* _Material supplied_:
Lemma mass_defined_combination a b c (m1 m2 m : Sig -> U) :
  has_top A -> scott_continuous A -> padd A a b = Some c ->
  (forall t, padd A (pmul A a (m1 t)) (pmul A b (m2 t)) = Some (m t)) ->
  mass_defined A m1 -> mass_defined A m2 -> mass_defined A m.
Proof.
  intros Htop Hcont Habc Hm Hm1 Hm2. split.
  - intros l Hl _.
    destruct (mass_defined_fsum Hm1 Hl) as [T1 F1].
    destruct (mass_defined_fsum Hm2 Hl) as [T2 F2].
    destruct (fsum_combination Htop Habc Hm F1 F2) as [W [_ FW]]. eauto.
  - destruct (proj2 Hm1) as [M1 HM1]. destruct (proj2 Hm2) as [M2 HM2].
    destruct (padd_pmul_defined M1 M2 Htop Habc) as [M HM].
    exists M. split.
    + exact (partial_sums_combination_le Htop Habc Hm Hm1 Hm2 HM1 HM2 HM).
    + intros y Hy. exact (combination_le_ub Htop Habc Hm Hm1 Hm2 HM1 HM2 HM Hy Hcont).
Qed.

End PartialSemiring.

Theorem lemmaA7 (U : Type) (A : psemiring U)
  (HA_ord : naturally_ordered A) (HA_cont : scott_continuous A) (HA_top : has_top A)
  (Sig : Type) (e1 e2 : expr U Sig) :
  compatible A e1 e2 ->
  forall (s : Sig) (m1 m2 : Sig -> U), inW A m1 -> inW A m2 ->
    exists m : Sig -> U,
      (forall t : Sig,
          padd A (pmul A (expr_eval A e1 s) (m1 t)) (pmul A (expr_eval A e2 s) (m2 t))
          = Some (m t)) /\
      inW A m.
Proof.
  intros Hcomp s m1 m2 [C1 D1] [C2 D2].
  destruct (Hcomp s) as [c Hc].
  destruct (combination_exists m1 m2 HA_top Hc) as [m Hm].
  exists m. split; [exact Hm | split].
  - exact (countable_supp_union (supp_combination Hm) C1 C2).
  - exact (mass_defined_combination HA_top HA_cont Hc Hm D1 D2).
Qed.
(* Let $n,m\in\mathbb{N}$. (i) Let $\phi\in C(\mathbb{R};\mathbb{C})$ and $\varrho:\mathbb{C}\to\mathbb{C}$, $\varrho(z)=\phi(\mathrm{Re}(z))$. Then $\mathcal{NN}^\varrho_{n,m,2n-1}$ is not universal. (ii) Let $\varrho:\mathbb{C}\to\mathbb{R}$ (real-valued). Then $\mathcal{NN}^\varrho_{n,m,2m-1}$ is not universal.
   Context: For $\varrho:\mathbb{C}\to\mathbb{C}$ and $n,m,W\in\mathbb{N}$, $\mathcal{NN}^\varrho_{n,m,W}$ denotes the set of all functions $\mathbb{C}^n\to\mathbb{C}^m$ of the form $V_L\circ\varrho^{\times W}\circ V_{L-1}\circ\cdots\circ\varrho^{\times W}\circ V_1$ with arbitrary depth $L\ge 2$, where $V_1:\mathbb{C}^n\to\mathbb{C}^W$, $V_2,\dots,V_{L-1}:\mathbb{C}^W\to\mathbb{C}^W$, $V_L:\mathbb{C}^W\to\mathbb{C}^m$ are $\mathbb{C}$-affine maps ($z\mapsto Az+b$ with complex $A,b$) and $\varrho^{\times W}$ applies $\varrho$ componentwise. A class $\mathcal{F}$ of functions $\mathbb{C}^n\to\mathbb{C}^m$ is universal if for every $g\in C(\mathbb{C}^n;\mathbb{C}^m)$, compact $K\subseteq\mathbb{C}^n$ and $\varepsilon>0$ there is $f\in\mathcal{F}$ with $\sup_{z\in K}\|f(z)-g(z)\|<\varepsilon$. *)

From HB Require Import structures.
From mathcomp Require Import all_boot all_order all_algebra.
From mathcomp Require Import all_classical all_reals topology normedtype.
From mathcomp Require Export complex.

Set Implicit Arguments.
Unset Strict Implicit.
Unset Printing Implicit Defensive.

Import Order.TTheory GRing.Theory Num.Theory.
Import numFieldNormedType.Exports.
Local Open Scope ring_scope.

(* The complex numbers R[i], packaged as a numClosedFieldType so that
   MathComp-Analysis equips them (and row vectors over them) with their
   standard topology / norm (modulus). *)
Definition Cx (R : rcfType) : numClosedFieldType := R[i].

* _Task description_:
Every word of every entry must be returned as it appears.

* _Result of the task_:
Lemma mass_defined_combination a b c (m1 m2 m : Sig -> U) :
  has_top A -> scott_continuous A -> padd A a b = Some c ->
  (forall t, padd A (pmul A a (m1 t)) (pmul A b (m2 t)) = Some (m t)) ->
  mass_defined A m1 -> mass_defined A m2 -> mass_defined A m.
Proof.
  intros Htop Hcont Habc Hm Hm1 Hm2. split.
  - intros l Hl _.
    destruct (mass_defined_fsum Hm1 Hl) as [T1 F1].
    destruct (mass_defined_fsum Hm2 Hl) as [T2 F2].
    destruct (fsum_combination Htop Habc Hm F1 F2) as [W [_ FW]]. eauto.
  - destruct (proj2 Hm1) as [M1 HM1]. destruct (proj2 Hm2) as [M2 HM2].
    destruct (padd_pmul_defined M1 M2 Htop Habc) as [M HM].
    exists M. split.
    + exact (partial_sums_combination_le Htop Habc Hm Hm1 Hm2 HM1 HM2 HM).
    + intros y Hy. exact (combination_le_ub Htop Habc Hm Hm1 Hm2 HM1 HM2 HM Hy Hcont).
Qed.

End PartialSemiring.

Theorem lemmaA7 (U : Type) (A : psemiring U)
  (HA_ord : naturally_ordered A) (HA_cont : scott_continuous A) (HA_top : has_top A)
  (Sig : Type) (e1 e2 : expr U Sig) :
  compatible A e1 e2 ->
  forall (s : Sig) (m1 m2 : Sig -> U), inW A m1 -> inW A m2 ->
    exists m : Sig -> U,
      (forall t : Sig,
          padd A (pmul A (expr_eval A e1 s) (m1 t)) (pmul A (expr_eval A e2 s) (m2 t))
          = Some (m t)) /\
      inW A m.
Proof.
  intros Hcomp s m1 m2 [C1 D1] [C2 D2].
  destruct (Hcomp s) as [c Hc].
  destruct (combination_exists m1 m2 HA_top Hc) as [m Hm].
  exists m. split; [exact Hm | split].
  - exact (countable_supp_union (supp_combination Hm) C1 C2).
  - exact (mass_defined_combination HA_top HA_cont Hc Hm D1 D2).
Qed.
(* Let $n,m\in\mathbb{N}$. (i) Let $\phi\in C(\mathbb{R};\mathbb{C})$ and $\varrho:\mathbb{C}\to\mathbb{C}$, $\varrho(z)=\phi(\mathrm{Re}(z))$. Then $\mathcal{NN}^\varrho_{n,m,2n-1}$ is not universal. (ii) Let $\varrho:\mathbb{C}\to\mathbb{R}$ (real-valued). Then $\mathcal{NN}^\varrho_{n,m,2m-1}$ is not universal.
   Context: For $\varrho:\mathbb{C}\to\mathbb{C}$ and $n,m,W\in\mathbb{N}$, $\mathcal{NN}^\varrho_{n,m,W}$ denotes the set of all functions $\mathbb{C}^n\to\mathbb{C}^m$ of the form $V_L\circ\varrho^{\times W}\circ V_{L-1}\circ\cdots\circ\varrho^{\times W}\circ V_1$ with arbitrary depth $L\ge 2$, where $V_1:\mathbb{C}^n\to\mathbb{C}^W$, $V_2,\dots,V_{L-1}:\mathbb{C}^W\to\mathbb{C}^W$, $V_L:\mathbb{C}^W\to\mathbb{C}^m$ are $\mathbb{C}$-affine maps ($z\mapsto Az+b$ with complex $A,b$) and $\varrho^{\times W}$ applies $\varrho$ componentwise. A class $\mathcal{F}$ of functions $\mathbb{C}^n\to\mathbb{C}^m$ is universal if for every $g\in C(\mathbb{C}^n;\mathbb{C}^m)$, compact $K\subseteq\mathbb{C}^n$ and $\varepsilon>0$ there is $f\in\mathcal{F}$ with $\sup_{z\in K}\|f(z)-g(z)\|<\varepsilon$. *)

From HB Require Import structures.
From mathcomp Require Import all_boot all_order all_algebra.
From mathcomp Require Import all_classical all_reals topology normedtype.
From mathcomp Require Export complex.

Set Implicit Arguments.
Unset Strict Implicit.
Unset Printing Implicit Defensive.

Import Order.TTheory GRing.Theory Num.Theory.
Import numFieldNormedType.Exports.
Local Open Scope ring_scope.

(* The complex numbers R[i], packaged as a numClosedFieldType so that
   MathComp-Analysis equips them (and row vectors over them) with their
   standard topology / norm (modulus). *)
Definition Cx (R : rcfType) : numClosedFieldType := R[i].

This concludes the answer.